Installing into a different Kubernetes namespace as Develocity
When configuring the Develocity Reporting Kit to pull data from a Develocity instance that runs in a different namespace of the same cluster as the Develocity Reporting Kit, set the develocity.address Helm value to a cluster-local address based on the Develocity namespace. The URL should be http://gradle-proxy.«develocity-namespace».svc.cluster.local.
So for a Develocity instance installed in the develocity namespace, this would look like:
develocity:
address: "http://gradle-proxy.develocity.svc.cluster.local"
accessKey: "..."
Standalone Develocity resources
We do not recommend installing the Reporting Kit into the same standalone instance as Develocity. If there are no other options though, it can be done with some additional resource limits put in place for the Reporting Kit.
Please consider the Reporting Kit resource requirements and Develocity’s standalone resource requirements. At time of writing the most significant were 64GB of RAM for the Reporting Kit, and 16 GB RAM for Develocity. If your Develocity instance has been tuned to use more memory, please use that in subsequent calculations.
If your instance has enough memory for both applications, proceed without further configuration. It is possible to install both Develocity and the Reporting Kit into a single host with e.g. only 64GB of memory by tuning down the Reporting Kit’s memory consumption. To do so, make the following adjustment:
trino:
worker:
resources:
requests:
memory: 24Gi
limits:
memory: 32Gi
If your host has less memory, you will need to adjust these values lower.
Please note that when running the Reporting Kit with constrained memory, it is possible that some data sets will not be able to populate the dashboards. If you see errors in the dashboards relating to memory, try requesting a shorter window e.g. just 2 days instead of the default or 7 days. This will require less memory to process.
Appendix E: Storing data in a specified directory for a standalone installation using K3s
For users intending to install the Reporting Kit onto a single node using K3s, you may want to specify a particular directory on the installation machine in which the application should store its data.
To do this requires taking the below steps:
| If you already have data stored somewhere that isn’t your mounted data directory, these steps will not move the data into the right place. To get help with that problem, please contact Gradle support. |
1. Patch the K3s local-path-provisioner config
This instructs the local-path-provisioner to store Kubernetes application data within the directory of your choosing.
cat > local-path-config-patch.yaml << EOF
data:
config.json: |-
{
"nodePathMap":[
{
"node":"DEFAULT_PATH_FOR_NON_LISTED_NODES",
"paths":["/your/storage/directory"] (1)
}
]
}
EOF
kubectl -n kube-system patch configmap/local-path-config --patch-file local-path-config-patch.yaml (2)

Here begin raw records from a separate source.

Lemma card_tcover F : tfamily t F -> #|tcover F| = (t.+1 * #|F|)%N.
Proof.
move=> hF; have [->|Fn0] := eqVneq F set0; first by rewrite tcover0 !cards0 muln0.
have tm := tfamily_lt hF Fn0.
pose walk (p : V * 'I_t.+1) := p.1 + res p.2.
have -> : tcover F = walk @: setX F [set: 'I_t.+1].
  apply/setP => v; apply/bigcupP/imsetP => [[i iF vi]|[[i s]]].
    have vi' : (val (v - i)%R < t.+1)%N by rewrite ltnS -mem_tpath.
    by exists (i, Ordinal vi'); rewrite ?inE ?iF //= /walk /= -res_decomp.
  rewrite !inE /= andbT => iF ->; exists i => //.
  by rewrite /walk tpath_shift // -ltnS.
rewrite card_in_imset ?cardsX ?cardsT ?card_ord 1?mulnC //.
move=> [i s] [j s']; rewrite !inE /= !andbT /walk /= => iF jF Eij.
have [eij|nij] := eqVneq i j.
  subst j; move/addrI/(congr1 val): Eij; rewrite !val_res !modn_small //.
  - by move=> Ess'; congr pair; apply: val_inj.
  - exact: leq_trans (ltn_ord s') tm.
  - exact: leq_trans (ltn_ord s) tm.
have vi : i + res s \in tpath_verts t i by rewrite tpath_shift // -ltnS.
have vj : i + res s \in tpath_verts t j by rewrite Eij tpath_shift // -ltnS.
by rewrite (disjointFr (tfamily_disjoint hF iF jF nij) vi) in vj.
Qed.

Lemma card_tcover_le F : tfamily t F -> (t.+1 * #|F| <= m.+1)%N.
Proof.
by move=> hF; rewrite -card_tcover // -[leqRHS](card_ord m.+1) max_card.
Qed.

End CyclePaths.

Lemma disjoint_memP (T : finType) (A B : {set T}) :
  reflect (forall x, x \in A -> x \in B -> False) [disjoint A & B].
Proof.
apply: (iffP idP) => [dAB x xA xB|H]; first by rewrite (disjointFr dAB xA) in xB.
by rewrite disjoint_subset; apply/subsetP => x xA; rewrite inE; apply/negP; apply: H.
Qed.

Lemma sum_sign_reversing (T : finType) (P : pred T) (f : T -> T) (w : T -> int) :
  (forall x, P x -> P (f x)) -> (forall x, P x -> f (f x) = x) ->
  (forall x, P x -> f x != x -> w (f x) = - w x) ->
  \sum_(x | P x) w x = \sum_(x | P x && (f x == x)) w x.
Proof.
move=> Pf fK wf; rewrite (bigID (fun x => f x == x)) /=.
set S := \sum_(x | P x && (f x != x)) w x.
suff -> : S = 0 by rewrite addr0.
have moved x :
    [&& P (f x), f (f x) != f x & f (f x) == x] = P x && (f x != x).
  apply/and3P/andP => [[Pfx ffx /eqP ffxE]|[Px fx]].
    have := Pf _ Pfx; rewrite ffxE => ->.
    by rewrite ffxE eq_sym in ffx.
  by rewrite Pf // fK // eq_sym.
have SN : S = - S.
  rewrite {1}/S (reindex_onto f f (P := fun x => P x && (f x != x))); last first.
    by move=> x /andP[Px _]; apply: fK.
  rewrite /S -sumrN; apply: eq_big => [x|x]; first by rewrite -andbA moved.
  by rewrite -andbA moved => /andP[Px fx]; apply: wf.
have : S *+ 2 == 0 by rewrite mulr2n {1}SN addNr.
by rewrite mulrn_eq0 => /eqP.
Qed.

Section Toggling.
Variables (m t : nat).
Local Notation V := 'I_m.+1.
Implicit Types (i j v : V) (F D : {set V}) (FD : {set V} * {set V}).

Definition admissible FD := tfamily t FD.1 && [disjoint FD.2 & tcover t FD.1].

(* Vertex i is a free start of (F, D) if i is in D and its t-path meets no
   other vertex of D nor any vertex covered by F: the singleton i could be
   replaced by the whole t-path from i. *)
Definition free_start F D i :=
  [&& (t < m.+1)%N, i \in D & tpath_verts t i :&: (tcover t F :|: D) \subset [set i]].

Definition blocks FD := FD.1 :|: [set i | free_start FD.1 FD.2 i].

Definition toggle i FD :=
  if i \in FD.1 then (FD.1 :\ i, i |: FD.2) else (i |: FD.1, FD.2 :\ i).

Lemma free_startP F D i :
  reflect [/\ (t < m.+1)%N, i \in D &
           forall v, v \in tpath_verts t i -> (v \in tcover t F) || (v \in D) -> v = i]
          (free_start F D i).
Proof.
apply: (iffP and3P) => [[tm iD /subsetP sub]|[tm iD sub]]; split=> //.
  by move=> v vi vFD; apply/set1P/sub; rewrite in_setI in_setU vi.
by apply/subsetP => v; rewrite in_setI in_setU => /andP[vi vFD]; apply/set1P/sub.
Qed.

Section TogglePath.
Variables (F D : {set V}) (i : V).
Hypotheses (adm : admissible (F, D)) (iF : i \in F).

Let hF : tfamily t F := proj1 (andP adm).
Let dD : [disjoint D & tcover t F] := proj2 (andP adm).

Let covF : tcover t F = tpath_verts t i :|: tcover t (F :\ i).
Proof. exact: tcoverD1. Qed.

Let notD v : v \in tpath_verts t i -> v \notin D.
Proof. by move=> vi; rewrite (disjointFl dD) // covF in_setU vi. Qed.

Let notF v : v \in tpath_verts t i -> v \notin tcover t (F :\ i).
Proof.
move=> vi; apply/bigcupP => -[j]; rewrite in_setD1 => /andP[ji jF] vj.
by rewrite (disjointFr (tfamily_disjoint hF jF iF ji) vj) in vi.
Qed.

Lemma toggle_path_admissible : admissible (F :\ i, i |: D).
Proof.
rewrite /admissible (tfamilyS (subsetDl F [set i]) hF) /=.
apply/disjoint_memP => v; rewrite in_setU1 => /orP[/eqP->|vD vc].
  by apply/negP/notF/tpath_start.
by rewrite (disjointFl dD) // covF in_setU vc orbT in vD.
Qed.
Lemma clip_lower_bound (a c : R) : alpha = Finite a -> q * a <= clip c.
Proof.
  intros Ha.
  destruct (clip_cases c) as [[a' [Ha' [_ ->]]] | [[b [Hb [_ ->]]] | [-> [Hlo _]]]].
  - rewrite Ha in Ha'; injection Ha' as <-; lra.
  - rewrite Ha, Hb in Hab; simpl in Hab; nra.
  - exact (Hlo a Ha).
Qed.

Lemma clip_upper_bound (b c : R) : beta = Finite b -> clip c <= q * b.
Proof.
  intros Hb.
  destruct (clip_cases c) as [[a [Ha [_ ->]]] | [[b' [Hb' [_ ->]]] | [-> [_ Hhi]]]].
  - rewrite Ha, Hb in Hab; simpl in Hab; nra.
  - rewrite Hb in Hb'; injection Hb' as <-; lra.
  - exact (Hhi b Hb).
Qed.

Lemma clip_abs_le (c : R) :
  Rabs (clip c) <= Rabs c + q * (Rabs (real alpha) + Rabs (real beta)).
Proof.
  pose proof (Rabs_pos (real alpha)); pose proof (Rabs_pos (real beta)); pose proof (Rabs_pos c).
  destruct (clip_cases c) as [[a [Ha [_ ->]]] | [[b [Hb [_ ->]]] | [-> _]]].
  - rewrite Ha in *; simpl in *; rewrite Rabs_mult, (Rabs_pos_eq q) by lra; nra.
  - rewrite Hb in *; simpl in *; rewrite Rabs_mult, (Rabs_pos_eq q) by lra; nra.
  - nra.
Qed.

Lemma deltaK_clip (c : R) :
  Rbar_mult (2 * q) (deltaK alpha beta (clip c - c)) = Finite (- 2 * clip c * (clip c - c)).
Proof.
  unfold deltaK.
  destruct (clip_cases c) as [[a [Ha [Hc ->]]] | [[b [Hb [Hc ->]]] | [-> _]]].
  - destruct (Rlt_dec 0 (q * a - c)); [| lra].
    rewrite Ha; simpl; f_equal; ring.
  - destruct (Rlt_dec 0 (q * b - c)); [lra |]; destruct (Rlt_dec (q * b - c) 0); [| lra].
    rewrite Hb; simpl; f_equal; ring.
  - rewrite Rminus_eq_0.
    destruct (Rlt_dec 0 0); [lra |]; destruct (Rlt_dec 0 0); [lra |].
    simpl; f_equal; ring.
Qed.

| 1 | The directory in which you want the application to store data. |
| 2 | This applies the config patch. |
2. Recreate the K3s local-path-provisioner pod
This is done by deleting the pod, which will cause it to be immediately recreated and pick up the configuration change.
kubectl -n kube-system delete "$(kubectl -n kube-system get pods --selector "app=local-path-provisioner" --output "name")"
The pod should come back up within a few seconds, and now all new provisioned storage in the K3s cluster using the local-path storage class (which is the default) will be stored in the directory you configured in the first step.
Appendix F: Installing the Develocity Reporting Kit on OpenShift
If you are planning to install the Reporting Kit in an OpenShift cluster, you need to be running at least version 1.0.2, and you should configure your installation to disable pod security contexts.